I find it mildly amusing that I am not legally required to have a sticker indicating I drive for uber, yet they just sent me one, but the the people who do still don't have one.


----------



## alex16 (Jun 2, 2015)

when will I get uber stickers?


----------



## Mr. T (Jun 27, 2015)

alex16 said:


> when will I get uber stickers?


Great question. However I don't have an answer


----------



## KGB7 (Apr 23, 2015)

alex16 said:


> when will I get uber stickers?


[email protected]


----------



## azndriver87 (Mar 23, 2015)

i drive in DC, MD, VA. only VA legally requires a sticker, most cop don't care.

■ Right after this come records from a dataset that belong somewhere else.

(* Follow the chain up to its last point whose nearest geodesic point comes before [v s]; the
   next chain point is near a geodesic point after [v s], which pins [v s] down. *)
Lemma geodesic_near_chain : exists H, 0 <= H /\
  forall x y v K a m, geodesic x y v K -> chain x y a m ->
  forall s, (s <= K)%nat -> exists k, (k <= m)%nat /\ d (v s) (a k) <= H.
Proof.
  destruct chain_near_geodesic as [E [HE Hnear]].
  set (W := Lam * (2 * E + M) + Lam).
  assert (HW : 0 <= W) by (unfold W; nia).
  exists (M * W + E). split; [nia|].
  intros x y v K a m Hv Ha s Hs.
  pose proof Ha as [A0 [Am [_ [Astep _]]]]. pose proof Hv as [V0 [VK Vd]].
  set (P k := exists i, (i <= K)%nat /\ (i <= s)%nat /\ d (a k) (v i) <= E).
  destruct (last_satisfying_index P m) as [k [Hk [[i [HiK [His Hi]]] Hlast]]].
  { exists 0%nat. rewrite A0, V0, d_refl. repeat split; lia. }
  assert (Hgap : Z.of_nat s - Z.of_nat i <= W).
  { destruct (Nat.eq_dec k m) as [->|Hkm].
    - pose proof (dw_le_d (v i) (v K)) as Hup. rewrite Vd, VK, <- Am, d_sym in Hup by lia.
      assert (Lam * d (a m) (v i) <= Lam * E) by (apply Z.mul_le_mono_nonneg_l; lia).
      unfold W. nia.
    - destruct Hlast as [|Hlast]; [lia|].
      destruct (Hnear x y v K a m Hv Ha (S k) ltac:(lia)) as [i' [Hi'K Hi']].
      assert (Hi's : (s < i')%nat).
      { destruct (le_lt_dec i' s); [|assumption]. exfalso. apply Hlast. exists i'. auto. }
      pose proof (dw_le_d (v i) (v i')) as Hup. rewrite Vd in Hup by lia.
      pose proof (d_triangle (v i) (a k) (v i')). pose proof (d_triangle (a k) (a (S k)) (v i')).
      pose proof (Astep k ltac:(lia)). rewrite (d_sym (v i) (a k)) in *.
      assert (Lam * d (v i) (v i') <= Lam * (2 * E + M)) by (apply Z.mul_le_mono_nonneg_l; lia).
      unfold W. lia. }
  exists k. split; [exact Hk|].
  pose proof (d_le_dw (v s) (v i)) as Hlow. rewrite Vd in Hlow by lia.
  replace (Z.abs (Z.of_nat s - Z.of_nat i)) with (Z.of_nat s - Z.of_nat i) in Hlow by lia.
  pose proof (d_triangle (v s) (v i) (a k)). rewrite (d_sym (v i) (a k)) in *.
  assert (M * (Z.of_nat s - Z.of_nat i) <= M * W) by (apply Z.mul_le_mono_nonneg_l; lia).
  lia.
Qed.
(* Let $m\ge2$, $n\ge1$, and let $\alpha:(\mathbb Z[1/m],+)\to U_n(\mathbb Z[1/m])$ be an injective group homomorphism, with image $H=\alpha(\mathbb Z[1/m])$. Then the isolator $I(H)=\{g\in U_n(\mathbb Z[1/m]): g^k\in H\text{ for some integer }k\ge1\}$ is an abelian subgroup of $U_n(\mathbb Z[1/m])$, and the quotient group $I(H)/H$ has finite exponent.
   Context: $U_n(\mathbb Z[1/m])$ denotes the group of upper triangular $n\times n$ matrices with entries in $\mathbb Z[1/m]$ and all diagonal entries equal to $1$. *)

From mathcomp Require Import all_boot all_order all_algebra.
Unset Printing Implicit Defensive.
Import Order.TTheory GRing.Theory Num.Theory.
Local Open Scope ring_scope.

Definition Z1m (m : nat) (q : rat) : Prop :=
  exists (z : int) (k : nat), q = z%:~R / (m%:R ^+ k).

Definition Un (m n : nat) (A : 'M[rat]_n) : Prop :=
  (forall i j : 'I_n, (j < i)%N -> A i j = 0) /\
  (forall i : 'I_n, A i i = 1) /\
  (forall i j : 'I_n, Z1m m (A i j)).

(* alpha : (Z[1/m],+) -> U_n(Z[1/m]) is a group homomorphism
   (alpha is given as a function on rat; only its values on Z[1/m] matter) *)
Definition is_hom_Z1m_Un (m n : nat) (alpha : rat -> 'M[rat]_n) : Prop :=
  (forall x, Z1m m x -> Un m n (alpha x)) /\
  (forall x y, Z1m m x -> Z1m m y -> alpha (x + y) = alpha x *m alpha y).

Definition injective_on_Z1m (m n : nat) (alpha : rat -> 'M[rat]_n) : Prop :=
  forall x y, Z1m m x -> Z1m m y -> alpha x = alpha y -> x = y.

Definition image_Z1m (m n : nat) (alpha : rat -> 'M[rat]_n) (g : 'M[rat]_n) : Prop :=
  exists x, Z1m m x /\ g = alpha x.

Definition mxpow {n : nat} (g : 'M[rat]_n) (k : nat) : 'M[rat]_n :=
  iter k (mulmx g) 1%:M.

Definition isolator (m n : nat) (H : 'M[rat]_n -> Prop) (g : 'M[rat]_n) : Prop :=
  Un m n g /\ exists k : nat, (0 < k)%N /\ H (mxpow g k).

From mathcomp Require Import all_boot all_order all_algebra.
From mathcomp Require Import zify ring.
Import Order.TTheory GRing.Theory Num.Theory.
Local Open Scope ring_scope.
Set Implicit Arguments. Unset Strict Implicit.

(* Matrices over a numeric domain (characteristic zero) carry the filtration
   Fil d = {A | A i j = 0 whenever j < i + d} by superdiagonals; g is
   unipotent when g - 1 lies in Fil 1.  The key computation (defect_exp) is
   that x g^k - h^k x = k (x g - h x) modulo the next step of the filtration.
   Dividing by k gives that x g^k = h^k x forces x g = h x (root_conj), hence
   uniqueness of roots, and that g and g^k have the same depth (root_Fil).
   From these, the isolator I(H) of H = alpha(Z[1/m]) is an abelian group.
   For the exponent, let d be the depth of alpha 1 and c a nonzero entry
   (i0, j0) of alpha 1 - 1 on the d-th superdiagonal.  The coordinate
   lam g = (g - 1) i0 j0 is a homomorphism on 1 + Fil d, which contains all
   of I(H); moreover lam (alpha y) = c y and lam is injective on I(H).  As
   e = |num c| is an integral multiple z of c, every g in I(H) satisfies
   g^e = alpha (z lam g). *)

Lemma mul_sub1 (R : pzRingType) (a b : R) :
  a * b - 1 = (a - 1) * (b - 1) + (a - 1) + (b - 1).
Proof. by rewrite mulrBl mulrBr !mul1r mulr1 addrAC subrK addrA subrK. Qed.

Section Filtration.
Variables (R : numDomainType) (n : nat).
Notation M := 'M[R]_n.+1.

Definition Fil (d : nat) (A : M) : Prop :=
  forall i j : 'I_n.+1, (j < i + d)%N -> A i j = 0.

Definition unip (g : M) : Prop := Fil 1 (g - 1).

Lemma Fil_weak a b (A : M) : (b <= a)%N -> Fil a A -> Fil b A.
Proof. by move=> leba hA i j hij; apply: hA; lia. Qed.

Lemma Fil0 d : Fil d (0 : M).
Proof. by move=> i j _; rewrite mxE. Qed.

Lemma Fil_add d (A B : M) : Fil d A -> Fil d B -> Fil d (A + B).
Proof. by move=> hA hB i j hij; rewrite mxE hA ?hB ?addr0. Qed.

Lemma Fil_opp d (A : M) : Fil d A -> Fil d (- A).
Proof. by move=> hA i j hij; rewrite mxE hA ?oppr0. Qed.

Lemma Fil_sub d (A B : M) : Fil d A -> Fil d B -> Fil d (A - B).
Proof. by move=> hA hB; apply: Fil_add (Fil_opp hB). Qed.

Lemma Fil_muln d k (A : M) : Fil d A -> Fil d (A *+ k).
Proof. by move=> hA i j hij; rewrite mulmxnE hA // mul0rn. Qed.

Lemma Fil_mul a b (A B : M) : Fil a A -> Fil b B -> Fil (a + b) (A * B).
Proof.
move=> hA hB i j hij; rewrite -mulmxE mxE; apply: big1 => k _.
have [hk|hk] := ltnP k (i + a); first by rewrite hA // mul0r.
by rewrite hB ?mulr0 //; lia.
Qed.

however in DC and MD is optional.


----------



## OldMillerPlace (Jun 3, 2015)

I'm a guy with a car driving around with an app. I don't need no ****ing sign on my car. Get in and shut up.


----------



## Mr. T (Jun 27, 2015)

OldMillerPlace said:


> I'm a guy with a car driving around with an app. I don't need no ****ing sign on my car. Get in and shut up.


Some places you have to


----------



## OldMillerPlace (Jun 3, 2015)

If you keep following "the rules" they'll just keep giving you more rules...


----------



## Mr. T (Jun 27, 2015)

OldMillerPlace said:


> If you keep following "the rules" they'll just keep giving you more rules...


It's the law that's requiring it not uber.


----------



## OldMillerPlace (Jun 3, 2015)

Mr. T said:


> It's the law that's requiring it not uber.


All the more reason why we don't need rules / laws like that. I'm giving rides in my car to people I want to. In not a taxi, and I don't need a law telling me I have to have a sticker, or that I need to paint my car any certain color.


----------